A file photo from 2019 showing Uygher women going through the entrance to a bazaar in Hotan, Xinjiang, past police officers and a gateway covered in razor wireIMAGE SOURCE,GETTY IMAGES
Image caption,

Uyghurs in China live under intense surveillance and more than a million have allegedly been detained in internment camps (file photo from 2019)

When the officer called again, he asked Alim to attend meetings of Uyghur human rights activists, gather intelligence and pass it back to the Chinese state.

“Whenever there was an anti-China protest in London, they would call me and ask who would be attending,” says Alim, who shared with the BBC recordings of the phone calls requesting he work as a spy.

Alim was offered money, too, so he could try to befriend the leaders of campaign groups – many of them UK citizens – by taking them to restaurants and picking up the bill.

The officer suggested setting up a company as a front, in case suspicions were raised about his newfound wealth. Plenty of businesses had already been set up on behalf of others for that exact purpose, Alim was told.

The implied threat, that his family may come to harm if he refused, has left him in a vicious bind.

“They are using my family as hostages,” Alim says. “I am living in a dark moment.”

The tactics employed by governments to police their diasporas abroad are known as transnational repression.

Research suggests this particular kind – controlling access to family members in the home country through video calls, in exchange for compliance overseas – is commonly used by Chinese police.

Dr David Tobin at the University of Sheffield has conducted some of the most comprehensive research on the topic to date, with his colleague Nyrola Elimä.
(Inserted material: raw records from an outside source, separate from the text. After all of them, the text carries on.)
(* Rephasing [w0] by a unitary diagonal in [z] keeps it in its class, and
   absence of the rephased information makes the off-diagonal [z]-blocks of
   [R] the coefficients of a phase-invariant sesquilinear form. *)
Lemma completely_absent_pinched d n (z w0 : 'I_d -> 'cV[C]_d) (R : 'M[C]_(d * n)) :
  onb z -> onb w0 -> mub z w0 ->
  (forall w, equiv_basis z w0 w -> completely_absent (basis_proj w) R) ->
  cond_i (basis_proj z) R.
Proof.
move=> hz hw0 hm absent.
have [d0|d_gt0] := posnP d; first by subst d; apply/matrixP=> -[].
pose k0 := Ordinal d_gt0; pose a m := ((z m) ^t* *m w0 k0) 0 0.
pose F m m' := ptr1 (((z m *m (z m') ^t*) *t (1%:M : 'M[C]_n)) *m R).
have rephased u : (forall m, `|u m| = 1) ->
    \sum_m \sum_m' (u m * (u m')^*) *: ((a m * (a m')^*) *: F m m') = d%:R^-1 *: ptr1 R.
  move=> u1; have w_sum := unitary_sum_vproj (onb_diag_unitary hz u1) hw0.
  have w_absent := absent _ (onb_diag_equiv_basis w0 hz u1).
  rewrite -(completely_absent_ptr1 k0 w_absent w_sum) (onb_expand (w0 k0) hz).
  rewrite mulmx_sumr (eq_bigr (fun m => (a m * u m) *: z m)); last first.
    by move=> m _; rewrite -scalemxAr onb_diagE // scalerA.
  rewrite ptr1_vproj_sum; apply: eq_bigr=> m _; apply: eq_bigr=> m' _.
  by rewrite scalerA rmorphM; congr (_ *: _); ring.
have a_neq0 m : a m != 0.
  apply: contra_eq_neq (hm m k0) => /= am.
  by rewrite -/(a m) am normr0 expr0n /= eq_sym invr_eq0 pnatr_eq0 -lt0n d_gt0.
apply/(pinch_fixed_blockdiag R (type_of_info_tens1 n (onb_type_of_info hz))).
move=> i j ij; rewrite /basis_proj /vproj vproj_tens1_sandwich.
rewrite eq_sym in ij; have /eqP := phase_invariant_offdiag rephased ij.
rewrite scaler_eq0 mulf_eq0 conjC_eq0 !(negbTE (a_neq0 _)) /= => /eqP Fji.
by rewrite -/(F j i) Fji tensmx0.
Qed.
Lemma quadratic_roots_incl (A B C A' B' C' : R) :
  A <> 0 -> 0 < B * B - 4 * A * C ->
  (forall m, A * m * m + B * m + C = 0 -> A' * m * m + B' * m + C' = 0) ->
  A * B' = A' * B /\ A * C' = A' * C.
Proof.
  intros HA HD Hincl.
  set (a := mknonzeroreal A HA).
  assert (Hpos : Delta_is_pos a B C) by (unfold Delta_is_pos, Delta, Rsqr; simpl; lra).
  assert (Hroot : forall r, r = sol_x1 a B C \/ r = sol_x2 a B C ->
                    (A * B' - A' * B) * r + (A * C' - A' * C) = 0).
  { intros r Hr. pose proof (Rsqr_sol_eq_0_1 a B C r Hpos Hr) as E.
    unfold Rsqr in E; simpl in E.
    pose proof (Hincl r ltac:(lra)) as E'.
    replace ((A * B' - A' * B) * r + (A * C' - A' * C))
      with (A * (A' * r * r + B' * r + C') - A' * (A * r * r + B * r + C)) by ring.
    rewrite E'. replace (A * r * r + B * r + C) with 0 by lra. ring. }
  pose proof (Hroot _ (or_introl eq_refl)) as R1.
  pose proof (Hroot _ (or_intror eq_refl)) as R2.
  assert (Hdist : sol_x1 a B C - sol_x2 a B C <> 0).
  { unfold sol_x1, sol_x2. simpl.
    replace ((- B + sqrt (Delta a B C)) / (2 * A) - (- B - sqrt (Delta a B C)) / (2 * A))
      with (sqrt (Delta a B C) / A) by (field; exact HA).
    apply Rmult_integral_contrapositive_currified; [|apply Rinv_neq_0_compat; exact HA].
    apply Rgt_not_eq, sqrt_lt_R0. unfold Delta, Rsqr. simpl. lra. }
  assert (Hlin : (A * B' - A' * B) * (sol_x1 a B C - sol_x2 a B C) = 0) by lra.
  apply Rmult_integral in Hlin as [Hlin | Hlin]; [|contradiction].
  split; [lra|]. rewrite Hlin in R1. lra.
Qed.

Definition sigma (q p : incidence_pair) : Prop := let '(x, y, w) := p in sigma_lp q x y w.

(* The shear
   (x, y) |-> (x - a0, y - b0 - k0 (x - a0)) preserves signed areas and vertical
   lines, and moves the pair o = (a0, b0, k0) to the origin with the horizontal axis;
   [shear o] is its action on incidence pairs. *)
Definition shear (o p : incidence_pair) : incidence_pair :=
  let '(a0, b0, k0) := o in let '(x, y, w) := p in (x - a0, y - b0 - k0 * (x - a0), w - k0).

Lemma sigma_shear (o q p : incidence_pair) : sigma q p <-> sigma (shear o q) (shear o p).
Proof.
  destruct o as [[a0 b0] k0], q as [[a b] k], p as [[x y] w]. cbn.
  replace (y - b0 - k0 * (x - a0) - (b - b0 - k0 * (a - a0)) - (k - k0) * (x - a0 - (a - a0)))
    with (y - b - k * (x - a)) by ring.
  replace (y - b0 - k0 * (x - a0) - (b - b0 - k0 * (a - a0)) - (w - k0) * (x - a0 - (a - a0)))
    with (y - b - w * (x - a)) by ring.
  replace (w - k0 - (k - k0)) with (w - k) by ring.
  split; intros [E N]; split; try exact E; intro Z; apply N; lra.
Qed.

Lemma shear_self (o : incidence_pair) : shear o o = (0, 0, 0).
Proof. destruct o as [[a0 b0] k0]. cbn. f_equal; [f_equal|]; ring. Qed.

Lemma shear_inj (o p p' : incidence_pair) : shear o p = shear o p' -> p = p'.
Proof.
  destruct o as [[a0 b0] k0], p as [[x y] w], p' as [[x' y'] w']. cbn.
  intros E. injection E as Ex Ey Ew.
  assert (x = x') by lra. subst x'. f_equal; [f_equal|]; lra.
Qed.

Lemma shear_surj (o p : incidence_pair) : exists p', shear o p' = p.
Proof.
  destruct o as [[a0 b0] k0], p as [[X Y] W].
  exists (X + a0, Y + b0 + k0 * X, W + k0). cbn. f_equal; [f_equal|]; ring.
Qed.

Definition off_line (o q : incidence_pair) : Prop :=
  let '(a0, b0, k0) := o in let '(a, b, _) := q in b - b0 - k0 * (a - a0) <> 0.

(* With a k = 0 the pairs (0,0,0) and (a,0,k) share either their line or their point. *)
Lemma sigma_origin_disjoint (a k : R) (p : incidence_pair) :
  a * k = 0 -> (a, 0, k) <> (0, 0, 0) -> sigma (0, 0, 0) p -> sigma (a, 0, k) p -> False.
Proof.
  destruct p as [[x y] w]. cbn. intros Hak Hne [E0 N0] [E1 N1].
  apply Rmult_integral in Hak as [-> | ->].
  - assert (Hk : k <> 0) by (intros ->; apply Hne; reflexivity).
    assert (Hx : x * (y - w * x) = 2).
    { apply (Rmult_eq_reg_l k); [|exact Hk]. nra. }
    assert (Hsq : (y - w * x) * (y - w * x) = 0) by nra.
    apply Rmult_integral in Hsq as [Z | Z]; rewrite Z in Hx; lra.
  - assert (Ha : a <> 0) by (intros ->; apply Hne; reflexivity).
    assert (Hyw : y * w * a = 0) by nra.
    apply Rmult_integral in Hyw as [Hyw | Hyw]; [|contradiction].
    apply Rmult_integral in Hyw as [-> | Hw]; [|lra].
    apply N0. lra.
Qed.
Lemma tb_BsumD a b :
  tb_Bsum A B (a + b) = tb_Bsum A B a + tb_Apow A a *m tb_Bsum A B b.
Proof.
rewrite /tb_Bsum big_split_ord /= mulmx_sumr; congr (_ + _).
by apply: eq_bigr => i _; rewrite tb_ApowD mulmxA.
Qed.

Lemma predict0 x u : predict x u 0 = x.
Proof. by rewrite /predict tb_Bsum0 mul0mx addr0 mul1mx. Qed.

Lemma predictD x u a b : predict (predict x u b) u a = predict x u (a + b).
Proof.
rewrite /predict tb_ApowD tb_BsumD mulmxDr !mulmxA mulmxDl -!addrA.
by congr (_ + _); rewrite addrC.
Qed.

Lemma predict_feedback (K : 'M[R]_(m, n)) x k :
  (tb_Apow A k + tb_Bsum A B k *m K) *m x = predict x (K *m x) k.
Proof. by rewrite mulmxDl -mulmxA. Qed.

Variables (g c b : nat).

Lemma tb_ftrans_state xi v j (s : bool) :
  (tb_ftrans A B g c b xi v j s).1.1 = predict xi.1.1 (if s then v else xi.1.2) j.
Proof. by case: xi => [[x w] beta]; case: s. Qed.

Lemma tb_ftrans_input xi v j (s : bool) :
  (tb_ftrans A B g c b xi v j s).1.2 = if s then v else xi.1.2.
Proof. by case: xi => [[x w] beta]; case: s. Qed.

Lemma tb_ftrans_bucket xi v j s :
  (tb_ftrans A B g c b xi v j s).2 = Num.min (xi.2 + (j * g)%:Z - c%:Z) b%:Z.
Proof. by case: xi => [[x w] beta]. Qed.

Lemma tb_fkS Kf p xi : (1 <= p)%N ->
  tb_fk A B g c b Kf p.+1 xi =
  tb_ftrans A B g c b (tb_fk A B g c b Kf p xi) 0 (tb_Mceil g c) false.
Proof. by case: p. Qed.

Lemma tb_fk_state Kf p xi : (1 <= p)%N ->
  (tb_fk A B g c b Kf p xi).1.1 = predict xi.1.1 (Kf *m xi.1.1) (p * tb_Mceil g c)
  /\ (tb_fk A B g c b Kf p xi).1.2 = Kf *m xi.1.1.
Proof.
elim: p => [//|p IH] _; have [->|p_gt0] := posnP p.
  by rewrite mul1n /= tb_ftrans_state tb_ftrans_input.
rewrite tb_fkS // tb_ftrans_state tb_ftrans_input /=.
by have [-> ->] := IH p_gt0; rewrite predictD mulSn.
Qed.

Lemma tb_fk_bucket Kf p xi :
  (1 <= g)%N -> (g <= c)%N -> c%:Z - g%:Z <= xi.2 <= b%:Z -> (1 <= p)%N ->
  c%:Z - g%:Z <= (tb_fk A B g c b Kf p xi).2 <= b%:Z.
Proof.
move=> g_gt0 g_le_c xi_bucket; elim: p => [//|p IH] _.
have [->|p_gt0] := posnP p; last rewrite tb_fkS //.
all: rewrite tb_ftrans_bucket; apply: bucket_update_terminal => //.
exact: IH.
Qed.

End OpenLoop.

Section Cost.
Variables (R : realFieldType) (n m : nat) (A Q : 'M[R]_n) (B : 'M[R]_(n, m)) (Rc : 'M[R]_m).

Definition stage_cost (x : 'cV[R]_n) (u : 'cV[R]_m) (k : nat) : R :=
  bform Q (predict A B x u k) (predict A B x u k) + bform Rc u u.

Definition cost_mx (N : nat) : 'M[R]_(n + m) :=
  block_mx (tb_Qi A Q N) (tb_Si A Q B N) (tb_Si A Q B N)^T (tb_Ri A Q B Rc N).

Lemma tb_stage_cost xi v (s : bool) :
  tb_stage Q Rc xi v s = stage_cost xi.1.1 (if s then v else xi.1.2) 0.
Proof. by rewrite /stage_cost predict0; case: xi => [[x w] beta]; case: s. Qed.

Lemma tb_lam_cost g c b xi v D (s : bool) : (1 <= D)%N ->
  tb_lam A Q B Rc g c b xi v D s =
  \sum_(0 <= k < D) stage_cost xi.1.1 (if s then v else xi.1.2) k.
Proof.
move=> D_gt0; rewrite /tb_lam (big_ltn D_gt0) tb_stage_cost; congr (_ + _).
apply: eq_bigr => k _.
by case: s; rewrite tb_stage_cost tb_ftrans_state ?tb_ftrans_input /stage_cost predict0.
Qed.

Lemma stage_cost_predict x u a k :
  stage_cost (predict A B x u a) u k = stage_cost x u (k + a).
Proof. by rewrite /stage_cost predictD. Qed.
They have interviewed and surveyed more than 200 members of the Uyghur diaspora in several countries. He says all Uyghurs living outside China are victims of transnational repression.

“Family separation is the central tactic,” he says. Even where phone calls are technically possible, relatives still living in China won’t pick up, according to Dr Tobin. He says there is an assumption that calls will be monitored, and a fear that communicating freely will put them at risk.

Portrait of Dr David Tobin, a University of Sheffield academic
Image caption,

Dr David Tobin says all Uyghurs living abroad are victims of transnational repression

This severing of family ties allows Chinese police to step in and offer tightly managed access – over video calls – as an incentive to comply, with the threat of repercussions for the family if they do not.

In the UK, Dr Tobin surveyed or interviewed 48 Uyghurs, from a population of about 400 people. Of those, two-thirds reported having been contacted directly by Chinese police – and pressured to spy, refrain from advocacy work, or stop speaking to the media.

And Uyghurs in the UK are far from the worst affected.

In Turkey, traditionally a safe haven for Uyghurs where 50,000 live in one of the largest communities outside China, 80% of the 148 of respondents reported similar threats from Chinese authorities.